Your task: Within the records below, find each line that holds the string "stieltjes", then copy it.

Given entries:
---*---

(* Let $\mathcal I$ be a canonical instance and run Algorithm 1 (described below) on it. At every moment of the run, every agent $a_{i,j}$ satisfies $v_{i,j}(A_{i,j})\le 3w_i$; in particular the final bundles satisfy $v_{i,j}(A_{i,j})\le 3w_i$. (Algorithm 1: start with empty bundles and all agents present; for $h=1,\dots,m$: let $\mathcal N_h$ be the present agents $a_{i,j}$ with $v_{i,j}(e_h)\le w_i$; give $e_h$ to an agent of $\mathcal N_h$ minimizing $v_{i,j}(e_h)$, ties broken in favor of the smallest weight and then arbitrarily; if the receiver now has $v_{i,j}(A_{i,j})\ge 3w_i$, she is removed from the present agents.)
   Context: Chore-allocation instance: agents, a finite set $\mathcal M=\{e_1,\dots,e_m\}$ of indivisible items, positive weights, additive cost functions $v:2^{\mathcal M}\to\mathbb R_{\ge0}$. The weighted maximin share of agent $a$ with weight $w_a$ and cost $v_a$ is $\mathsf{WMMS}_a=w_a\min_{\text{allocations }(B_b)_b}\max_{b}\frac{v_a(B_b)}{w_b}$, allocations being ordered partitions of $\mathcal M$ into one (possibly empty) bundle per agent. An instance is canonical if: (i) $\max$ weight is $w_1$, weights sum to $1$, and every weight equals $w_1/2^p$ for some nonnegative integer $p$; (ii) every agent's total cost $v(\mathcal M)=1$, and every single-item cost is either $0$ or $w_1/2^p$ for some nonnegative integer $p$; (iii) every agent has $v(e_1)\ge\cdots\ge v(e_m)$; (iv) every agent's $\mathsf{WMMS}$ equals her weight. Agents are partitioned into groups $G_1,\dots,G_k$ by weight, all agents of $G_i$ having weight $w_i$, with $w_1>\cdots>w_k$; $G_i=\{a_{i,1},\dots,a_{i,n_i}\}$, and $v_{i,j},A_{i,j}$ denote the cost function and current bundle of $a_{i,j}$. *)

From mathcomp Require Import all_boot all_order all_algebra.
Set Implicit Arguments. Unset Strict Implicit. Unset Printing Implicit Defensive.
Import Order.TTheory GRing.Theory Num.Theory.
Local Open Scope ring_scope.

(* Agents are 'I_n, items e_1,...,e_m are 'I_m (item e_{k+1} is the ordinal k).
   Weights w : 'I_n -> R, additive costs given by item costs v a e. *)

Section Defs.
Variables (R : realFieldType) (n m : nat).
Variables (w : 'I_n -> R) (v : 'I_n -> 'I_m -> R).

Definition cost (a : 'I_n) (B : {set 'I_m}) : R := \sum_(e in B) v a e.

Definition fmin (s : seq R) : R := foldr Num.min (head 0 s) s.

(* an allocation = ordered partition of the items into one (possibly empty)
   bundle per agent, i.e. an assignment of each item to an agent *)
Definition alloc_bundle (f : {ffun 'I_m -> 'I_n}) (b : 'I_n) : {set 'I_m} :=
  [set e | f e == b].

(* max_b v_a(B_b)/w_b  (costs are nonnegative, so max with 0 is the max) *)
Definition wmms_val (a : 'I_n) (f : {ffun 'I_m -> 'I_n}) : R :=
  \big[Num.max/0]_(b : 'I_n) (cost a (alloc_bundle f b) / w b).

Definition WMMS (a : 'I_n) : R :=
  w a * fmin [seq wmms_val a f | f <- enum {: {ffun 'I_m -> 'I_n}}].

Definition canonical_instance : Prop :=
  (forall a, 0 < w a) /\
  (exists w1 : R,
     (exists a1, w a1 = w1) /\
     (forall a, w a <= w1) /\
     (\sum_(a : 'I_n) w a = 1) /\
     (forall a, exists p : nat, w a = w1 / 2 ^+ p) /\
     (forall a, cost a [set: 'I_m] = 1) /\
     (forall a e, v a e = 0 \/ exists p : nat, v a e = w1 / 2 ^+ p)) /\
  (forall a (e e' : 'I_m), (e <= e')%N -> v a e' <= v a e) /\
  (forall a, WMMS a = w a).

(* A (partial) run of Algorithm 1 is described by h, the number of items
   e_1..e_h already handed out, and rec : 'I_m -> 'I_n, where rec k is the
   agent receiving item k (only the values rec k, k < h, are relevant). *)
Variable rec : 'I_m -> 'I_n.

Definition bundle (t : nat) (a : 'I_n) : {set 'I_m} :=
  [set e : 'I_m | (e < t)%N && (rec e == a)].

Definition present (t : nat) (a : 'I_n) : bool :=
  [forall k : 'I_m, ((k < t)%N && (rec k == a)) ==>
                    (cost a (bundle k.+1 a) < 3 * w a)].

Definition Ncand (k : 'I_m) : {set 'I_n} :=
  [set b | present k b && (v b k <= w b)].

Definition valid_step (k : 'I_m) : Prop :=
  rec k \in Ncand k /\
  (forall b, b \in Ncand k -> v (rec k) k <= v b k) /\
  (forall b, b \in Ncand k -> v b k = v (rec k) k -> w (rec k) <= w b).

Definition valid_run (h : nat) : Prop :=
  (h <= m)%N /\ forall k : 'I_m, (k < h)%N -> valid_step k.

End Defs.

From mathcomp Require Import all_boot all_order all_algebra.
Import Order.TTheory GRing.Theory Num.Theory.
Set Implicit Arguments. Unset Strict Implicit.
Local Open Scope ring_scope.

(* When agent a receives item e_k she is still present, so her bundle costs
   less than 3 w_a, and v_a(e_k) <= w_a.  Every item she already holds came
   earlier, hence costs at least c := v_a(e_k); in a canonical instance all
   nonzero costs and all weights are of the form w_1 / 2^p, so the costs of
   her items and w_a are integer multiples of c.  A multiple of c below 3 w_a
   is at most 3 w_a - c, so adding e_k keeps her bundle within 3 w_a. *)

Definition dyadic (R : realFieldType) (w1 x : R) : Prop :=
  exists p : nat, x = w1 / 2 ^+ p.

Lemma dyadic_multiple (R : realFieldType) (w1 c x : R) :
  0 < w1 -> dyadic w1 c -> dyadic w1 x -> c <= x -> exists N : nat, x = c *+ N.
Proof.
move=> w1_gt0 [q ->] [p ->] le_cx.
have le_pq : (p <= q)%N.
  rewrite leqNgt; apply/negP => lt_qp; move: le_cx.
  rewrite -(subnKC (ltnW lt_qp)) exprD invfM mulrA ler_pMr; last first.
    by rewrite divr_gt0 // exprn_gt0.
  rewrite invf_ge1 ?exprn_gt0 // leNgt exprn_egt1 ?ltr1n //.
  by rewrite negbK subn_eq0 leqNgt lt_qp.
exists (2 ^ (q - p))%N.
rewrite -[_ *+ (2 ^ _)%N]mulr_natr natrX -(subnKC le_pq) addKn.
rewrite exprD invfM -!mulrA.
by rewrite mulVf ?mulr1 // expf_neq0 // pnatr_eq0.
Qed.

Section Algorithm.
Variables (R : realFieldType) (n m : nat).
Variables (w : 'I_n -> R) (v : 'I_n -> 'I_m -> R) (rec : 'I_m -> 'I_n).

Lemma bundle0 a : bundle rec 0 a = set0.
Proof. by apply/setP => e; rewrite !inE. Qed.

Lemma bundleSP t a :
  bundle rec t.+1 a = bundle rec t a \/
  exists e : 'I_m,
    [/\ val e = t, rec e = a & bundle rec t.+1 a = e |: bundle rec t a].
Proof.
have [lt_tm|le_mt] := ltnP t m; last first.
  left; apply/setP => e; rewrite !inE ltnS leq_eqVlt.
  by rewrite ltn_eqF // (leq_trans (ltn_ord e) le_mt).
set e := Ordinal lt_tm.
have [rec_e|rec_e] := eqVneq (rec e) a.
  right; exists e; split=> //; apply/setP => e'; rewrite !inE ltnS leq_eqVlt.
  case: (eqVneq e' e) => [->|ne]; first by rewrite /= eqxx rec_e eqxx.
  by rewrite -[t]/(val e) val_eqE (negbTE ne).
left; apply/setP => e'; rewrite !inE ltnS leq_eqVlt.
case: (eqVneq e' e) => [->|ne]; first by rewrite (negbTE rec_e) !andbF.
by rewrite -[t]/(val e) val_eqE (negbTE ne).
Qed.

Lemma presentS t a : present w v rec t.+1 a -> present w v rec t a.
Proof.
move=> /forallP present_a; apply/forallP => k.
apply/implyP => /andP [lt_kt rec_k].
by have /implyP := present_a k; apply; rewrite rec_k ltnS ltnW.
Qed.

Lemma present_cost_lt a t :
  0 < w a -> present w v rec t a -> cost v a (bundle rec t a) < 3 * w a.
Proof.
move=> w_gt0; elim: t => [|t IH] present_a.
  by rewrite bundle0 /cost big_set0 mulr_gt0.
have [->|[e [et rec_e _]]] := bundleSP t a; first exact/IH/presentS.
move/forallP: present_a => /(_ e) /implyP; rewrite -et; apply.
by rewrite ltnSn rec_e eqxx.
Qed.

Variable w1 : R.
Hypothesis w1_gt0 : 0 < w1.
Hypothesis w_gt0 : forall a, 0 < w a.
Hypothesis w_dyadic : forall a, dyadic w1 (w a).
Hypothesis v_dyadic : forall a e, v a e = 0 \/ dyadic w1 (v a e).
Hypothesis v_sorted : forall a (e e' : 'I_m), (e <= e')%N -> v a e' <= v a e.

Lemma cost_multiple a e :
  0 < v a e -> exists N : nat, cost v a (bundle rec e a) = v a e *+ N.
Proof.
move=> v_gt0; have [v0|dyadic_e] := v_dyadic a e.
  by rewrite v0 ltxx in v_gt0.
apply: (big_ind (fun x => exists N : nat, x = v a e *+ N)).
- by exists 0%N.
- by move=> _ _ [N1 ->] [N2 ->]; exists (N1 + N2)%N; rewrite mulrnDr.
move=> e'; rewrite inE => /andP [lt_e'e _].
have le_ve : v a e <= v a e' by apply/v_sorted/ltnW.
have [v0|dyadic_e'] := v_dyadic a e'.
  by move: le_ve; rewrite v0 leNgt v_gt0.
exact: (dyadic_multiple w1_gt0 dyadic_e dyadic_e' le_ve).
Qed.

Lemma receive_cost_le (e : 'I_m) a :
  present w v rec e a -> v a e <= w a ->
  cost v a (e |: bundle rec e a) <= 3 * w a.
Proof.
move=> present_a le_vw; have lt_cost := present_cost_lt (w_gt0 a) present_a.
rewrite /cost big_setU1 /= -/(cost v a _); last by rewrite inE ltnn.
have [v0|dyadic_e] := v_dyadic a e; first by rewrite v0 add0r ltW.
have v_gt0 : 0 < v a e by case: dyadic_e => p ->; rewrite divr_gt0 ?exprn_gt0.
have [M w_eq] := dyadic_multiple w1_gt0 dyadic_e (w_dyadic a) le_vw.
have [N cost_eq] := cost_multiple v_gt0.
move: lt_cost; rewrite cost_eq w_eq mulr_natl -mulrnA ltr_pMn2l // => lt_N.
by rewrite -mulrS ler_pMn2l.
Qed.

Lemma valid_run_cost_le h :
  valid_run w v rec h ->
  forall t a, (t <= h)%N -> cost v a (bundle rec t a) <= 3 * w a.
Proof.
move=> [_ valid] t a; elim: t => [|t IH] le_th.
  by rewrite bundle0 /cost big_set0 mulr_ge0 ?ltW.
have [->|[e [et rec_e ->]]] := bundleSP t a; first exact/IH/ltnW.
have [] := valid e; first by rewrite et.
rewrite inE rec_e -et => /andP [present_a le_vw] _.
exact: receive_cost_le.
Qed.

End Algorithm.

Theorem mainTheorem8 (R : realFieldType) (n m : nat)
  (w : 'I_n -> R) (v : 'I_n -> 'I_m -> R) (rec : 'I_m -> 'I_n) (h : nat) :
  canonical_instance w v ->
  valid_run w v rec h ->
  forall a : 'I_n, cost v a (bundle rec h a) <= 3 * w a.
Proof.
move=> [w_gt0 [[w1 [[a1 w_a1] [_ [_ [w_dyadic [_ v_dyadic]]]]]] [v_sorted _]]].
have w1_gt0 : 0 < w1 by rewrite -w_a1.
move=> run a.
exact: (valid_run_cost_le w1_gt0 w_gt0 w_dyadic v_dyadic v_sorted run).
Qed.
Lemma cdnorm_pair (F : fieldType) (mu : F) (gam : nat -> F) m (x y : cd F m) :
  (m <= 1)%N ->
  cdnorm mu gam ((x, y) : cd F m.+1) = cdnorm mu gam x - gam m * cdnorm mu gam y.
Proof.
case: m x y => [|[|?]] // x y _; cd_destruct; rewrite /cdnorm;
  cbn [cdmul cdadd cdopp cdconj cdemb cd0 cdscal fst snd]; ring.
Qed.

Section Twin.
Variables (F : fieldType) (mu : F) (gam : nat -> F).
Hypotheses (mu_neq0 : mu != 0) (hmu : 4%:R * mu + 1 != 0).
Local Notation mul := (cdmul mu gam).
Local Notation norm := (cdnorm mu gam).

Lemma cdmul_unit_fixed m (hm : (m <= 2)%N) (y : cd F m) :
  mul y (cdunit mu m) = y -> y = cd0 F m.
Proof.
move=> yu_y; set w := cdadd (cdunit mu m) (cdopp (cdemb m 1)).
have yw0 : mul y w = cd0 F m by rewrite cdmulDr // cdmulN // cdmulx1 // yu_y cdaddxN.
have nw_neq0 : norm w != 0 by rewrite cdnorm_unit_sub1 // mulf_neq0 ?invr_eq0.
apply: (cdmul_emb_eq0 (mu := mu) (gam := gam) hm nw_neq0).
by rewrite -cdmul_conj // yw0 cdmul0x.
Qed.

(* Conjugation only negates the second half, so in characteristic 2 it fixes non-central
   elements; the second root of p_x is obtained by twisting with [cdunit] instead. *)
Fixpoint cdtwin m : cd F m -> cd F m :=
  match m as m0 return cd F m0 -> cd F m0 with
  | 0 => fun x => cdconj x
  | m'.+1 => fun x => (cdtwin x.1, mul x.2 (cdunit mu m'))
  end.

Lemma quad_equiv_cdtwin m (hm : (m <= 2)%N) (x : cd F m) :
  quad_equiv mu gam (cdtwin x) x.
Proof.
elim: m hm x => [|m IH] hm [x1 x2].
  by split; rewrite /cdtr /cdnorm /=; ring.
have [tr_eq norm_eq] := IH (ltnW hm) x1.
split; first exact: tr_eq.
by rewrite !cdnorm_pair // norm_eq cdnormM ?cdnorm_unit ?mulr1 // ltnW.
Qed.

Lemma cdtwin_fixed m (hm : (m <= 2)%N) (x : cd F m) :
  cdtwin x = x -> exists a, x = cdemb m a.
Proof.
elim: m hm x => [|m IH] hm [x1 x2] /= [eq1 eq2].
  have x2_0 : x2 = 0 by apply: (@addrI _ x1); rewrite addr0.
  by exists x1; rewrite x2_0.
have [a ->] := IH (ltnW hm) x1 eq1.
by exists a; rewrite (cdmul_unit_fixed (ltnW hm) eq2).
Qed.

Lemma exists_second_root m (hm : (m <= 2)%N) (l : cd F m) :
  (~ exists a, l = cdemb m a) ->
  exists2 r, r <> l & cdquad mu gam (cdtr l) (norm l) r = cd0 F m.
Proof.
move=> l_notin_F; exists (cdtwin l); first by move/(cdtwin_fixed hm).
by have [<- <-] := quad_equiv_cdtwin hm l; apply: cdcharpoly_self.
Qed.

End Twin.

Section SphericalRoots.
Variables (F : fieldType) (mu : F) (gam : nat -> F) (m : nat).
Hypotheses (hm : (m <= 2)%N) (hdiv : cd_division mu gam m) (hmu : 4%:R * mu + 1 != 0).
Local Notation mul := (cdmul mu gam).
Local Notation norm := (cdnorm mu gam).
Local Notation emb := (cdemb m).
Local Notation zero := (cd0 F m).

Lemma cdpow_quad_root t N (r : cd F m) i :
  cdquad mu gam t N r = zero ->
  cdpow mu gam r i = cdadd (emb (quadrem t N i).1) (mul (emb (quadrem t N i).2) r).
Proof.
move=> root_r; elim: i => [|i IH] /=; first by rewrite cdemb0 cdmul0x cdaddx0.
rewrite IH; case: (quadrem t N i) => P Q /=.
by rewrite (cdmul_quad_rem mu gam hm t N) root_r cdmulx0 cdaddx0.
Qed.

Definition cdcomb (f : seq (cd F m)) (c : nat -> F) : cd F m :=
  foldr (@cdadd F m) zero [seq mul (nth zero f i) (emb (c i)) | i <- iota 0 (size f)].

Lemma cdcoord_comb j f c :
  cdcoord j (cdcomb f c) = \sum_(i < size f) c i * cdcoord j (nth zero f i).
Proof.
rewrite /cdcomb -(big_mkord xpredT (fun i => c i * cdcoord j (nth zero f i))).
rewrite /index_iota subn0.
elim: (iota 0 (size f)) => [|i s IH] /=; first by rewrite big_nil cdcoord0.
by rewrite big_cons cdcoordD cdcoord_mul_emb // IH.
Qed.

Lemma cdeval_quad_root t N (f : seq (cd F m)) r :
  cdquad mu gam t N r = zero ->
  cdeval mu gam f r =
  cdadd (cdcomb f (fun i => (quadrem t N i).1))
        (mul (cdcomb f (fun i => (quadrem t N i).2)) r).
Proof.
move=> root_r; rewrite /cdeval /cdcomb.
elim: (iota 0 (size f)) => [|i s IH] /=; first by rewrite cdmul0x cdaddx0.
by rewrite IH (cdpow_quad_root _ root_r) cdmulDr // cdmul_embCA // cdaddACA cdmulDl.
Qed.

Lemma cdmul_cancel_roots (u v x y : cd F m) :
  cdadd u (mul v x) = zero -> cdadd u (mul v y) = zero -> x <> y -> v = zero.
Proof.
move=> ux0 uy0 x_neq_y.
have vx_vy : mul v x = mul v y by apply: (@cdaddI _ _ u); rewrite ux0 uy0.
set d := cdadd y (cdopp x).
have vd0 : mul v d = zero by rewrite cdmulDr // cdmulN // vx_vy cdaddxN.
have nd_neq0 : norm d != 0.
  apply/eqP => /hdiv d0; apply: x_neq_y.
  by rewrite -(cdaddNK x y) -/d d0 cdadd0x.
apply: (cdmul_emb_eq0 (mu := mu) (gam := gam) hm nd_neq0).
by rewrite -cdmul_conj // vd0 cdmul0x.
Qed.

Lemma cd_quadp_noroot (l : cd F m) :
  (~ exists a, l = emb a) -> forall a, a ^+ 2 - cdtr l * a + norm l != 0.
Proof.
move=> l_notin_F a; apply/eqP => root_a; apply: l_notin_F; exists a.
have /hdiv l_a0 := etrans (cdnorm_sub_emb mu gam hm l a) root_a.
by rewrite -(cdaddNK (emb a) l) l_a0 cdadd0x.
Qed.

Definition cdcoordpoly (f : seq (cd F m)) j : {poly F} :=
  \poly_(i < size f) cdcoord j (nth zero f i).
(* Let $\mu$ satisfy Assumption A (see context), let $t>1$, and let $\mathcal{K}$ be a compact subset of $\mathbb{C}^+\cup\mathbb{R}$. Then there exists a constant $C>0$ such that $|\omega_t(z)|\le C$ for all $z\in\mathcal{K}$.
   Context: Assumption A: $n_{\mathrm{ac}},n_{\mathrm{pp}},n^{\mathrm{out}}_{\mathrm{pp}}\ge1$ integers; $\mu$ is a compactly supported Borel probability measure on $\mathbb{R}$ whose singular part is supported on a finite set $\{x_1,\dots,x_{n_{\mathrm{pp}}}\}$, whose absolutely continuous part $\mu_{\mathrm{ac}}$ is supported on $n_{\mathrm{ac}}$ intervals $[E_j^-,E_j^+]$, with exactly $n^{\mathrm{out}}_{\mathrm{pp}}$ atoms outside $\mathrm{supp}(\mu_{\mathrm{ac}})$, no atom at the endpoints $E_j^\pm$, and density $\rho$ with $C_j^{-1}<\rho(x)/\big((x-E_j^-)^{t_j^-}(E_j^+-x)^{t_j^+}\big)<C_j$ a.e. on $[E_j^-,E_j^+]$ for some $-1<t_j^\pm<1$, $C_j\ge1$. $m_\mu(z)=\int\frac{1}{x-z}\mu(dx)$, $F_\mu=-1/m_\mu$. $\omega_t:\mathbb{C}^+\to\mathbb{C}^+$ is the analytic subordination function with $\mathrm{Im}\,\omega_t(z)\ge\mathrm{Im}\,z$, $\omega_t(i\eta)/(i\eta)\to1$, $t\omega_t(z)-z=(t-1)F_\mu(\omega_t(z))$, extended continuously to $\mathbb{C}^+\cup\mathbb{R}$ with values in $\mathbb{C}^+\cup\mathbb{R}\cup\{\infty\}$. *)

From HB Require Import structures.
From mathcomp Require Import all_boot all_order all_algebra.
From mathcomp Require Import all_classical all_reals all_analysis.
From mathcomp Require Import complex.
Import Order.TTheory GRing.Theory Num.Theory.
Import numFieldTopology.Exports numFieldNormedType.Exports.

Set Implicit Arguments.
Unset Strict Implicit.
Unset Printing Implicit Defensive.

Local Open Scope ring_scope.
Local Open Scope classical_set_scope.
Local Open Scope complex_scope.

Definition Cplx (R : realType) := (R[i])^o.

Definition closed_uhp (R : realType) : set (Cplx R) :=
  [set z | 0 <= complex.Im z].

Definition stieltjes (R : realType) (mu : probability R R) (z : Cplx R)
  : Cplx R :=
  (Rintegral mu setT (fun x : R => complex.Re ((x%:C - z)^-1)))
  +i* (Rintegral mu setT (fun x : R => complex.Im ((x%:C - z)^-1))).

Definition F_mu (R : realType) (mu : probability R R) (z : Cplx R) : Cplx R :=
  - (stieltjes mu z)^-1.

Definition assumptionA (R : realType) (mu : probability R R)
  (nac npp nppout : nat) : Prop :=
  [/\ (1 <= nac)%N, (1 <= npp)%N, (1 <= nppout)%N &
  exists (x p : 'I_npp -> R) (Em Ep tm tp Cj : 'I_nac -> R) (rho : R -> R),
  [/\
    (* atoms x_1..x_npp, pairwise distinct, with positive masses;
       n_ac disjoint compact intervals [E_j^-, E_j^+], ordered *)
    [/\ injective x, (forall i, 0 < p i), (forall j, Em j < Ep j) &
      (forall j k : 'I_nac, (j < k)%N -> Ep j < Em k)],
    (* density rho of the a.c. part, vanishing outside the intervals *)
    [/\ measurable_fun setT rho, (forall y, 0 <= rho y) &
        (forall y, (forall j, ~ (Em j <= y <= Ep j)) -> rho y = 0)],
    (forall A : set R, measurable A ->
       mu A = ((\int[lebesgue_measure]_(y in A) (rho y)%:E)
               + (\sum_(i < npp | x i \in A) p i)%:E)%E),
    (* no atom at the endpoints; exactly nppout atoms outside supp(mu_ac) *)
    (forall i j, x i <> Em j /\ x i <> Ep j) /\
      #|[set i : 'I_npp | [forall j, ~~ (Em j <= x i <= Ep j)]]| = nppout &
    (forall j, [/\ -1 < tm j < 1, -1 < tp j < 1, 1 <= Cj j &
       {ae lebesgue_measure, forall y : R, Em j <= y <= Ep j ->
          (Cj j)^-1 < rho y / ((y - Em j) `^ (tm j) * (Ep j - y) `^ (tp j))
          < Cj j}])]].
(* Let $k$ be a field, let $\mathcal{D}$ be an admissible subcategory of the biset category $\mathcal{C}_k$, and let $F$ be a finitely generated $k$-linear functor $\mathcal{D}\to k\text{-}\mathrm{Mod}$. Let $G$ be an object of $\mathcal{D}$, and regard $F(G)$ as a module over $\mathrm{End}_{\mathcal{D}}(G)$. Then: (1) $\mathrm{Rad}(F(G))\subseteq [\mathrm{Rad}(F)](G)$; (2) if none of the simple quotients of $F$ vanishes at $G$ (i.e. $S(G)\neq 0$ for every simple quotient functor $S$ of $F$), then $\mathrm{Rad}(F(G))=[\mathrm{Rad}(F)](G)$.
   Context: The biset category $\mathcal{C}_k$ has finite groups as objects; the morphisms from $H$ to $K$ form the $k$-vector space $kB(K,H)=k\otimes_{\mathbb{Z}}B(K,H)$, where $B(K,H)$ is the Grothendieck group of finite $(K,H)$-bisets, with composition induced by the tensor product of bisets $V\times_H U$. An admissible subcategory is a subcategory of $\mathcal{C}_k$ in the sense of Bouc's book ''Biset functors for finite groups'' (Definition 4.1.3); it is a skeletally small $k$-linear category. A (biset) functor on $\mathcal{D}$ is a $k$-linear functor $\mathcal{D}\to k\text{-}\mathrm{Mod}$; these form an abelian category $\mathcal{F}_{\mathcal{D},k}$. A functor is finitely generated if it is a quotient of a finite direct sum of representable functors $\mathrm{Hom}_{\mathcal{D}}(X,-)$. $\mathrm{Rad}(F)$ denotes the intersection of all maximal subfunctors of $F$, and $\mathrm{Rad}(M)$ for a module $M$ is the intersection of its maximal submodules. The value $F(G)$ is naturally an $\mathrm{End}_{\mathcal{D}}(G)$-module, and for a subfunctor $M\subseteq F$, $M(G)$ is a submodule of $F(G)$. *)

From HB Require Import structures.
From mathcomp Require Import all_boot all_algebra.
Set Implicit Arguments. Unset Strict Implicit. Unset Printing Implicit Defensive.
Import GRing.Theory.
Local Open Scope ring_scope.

---*---

Expected answer:
Definition stieltjes (R : realType) (mu : probability R R) (z : Cplx R)
  - (stieltjes mu z)^-1.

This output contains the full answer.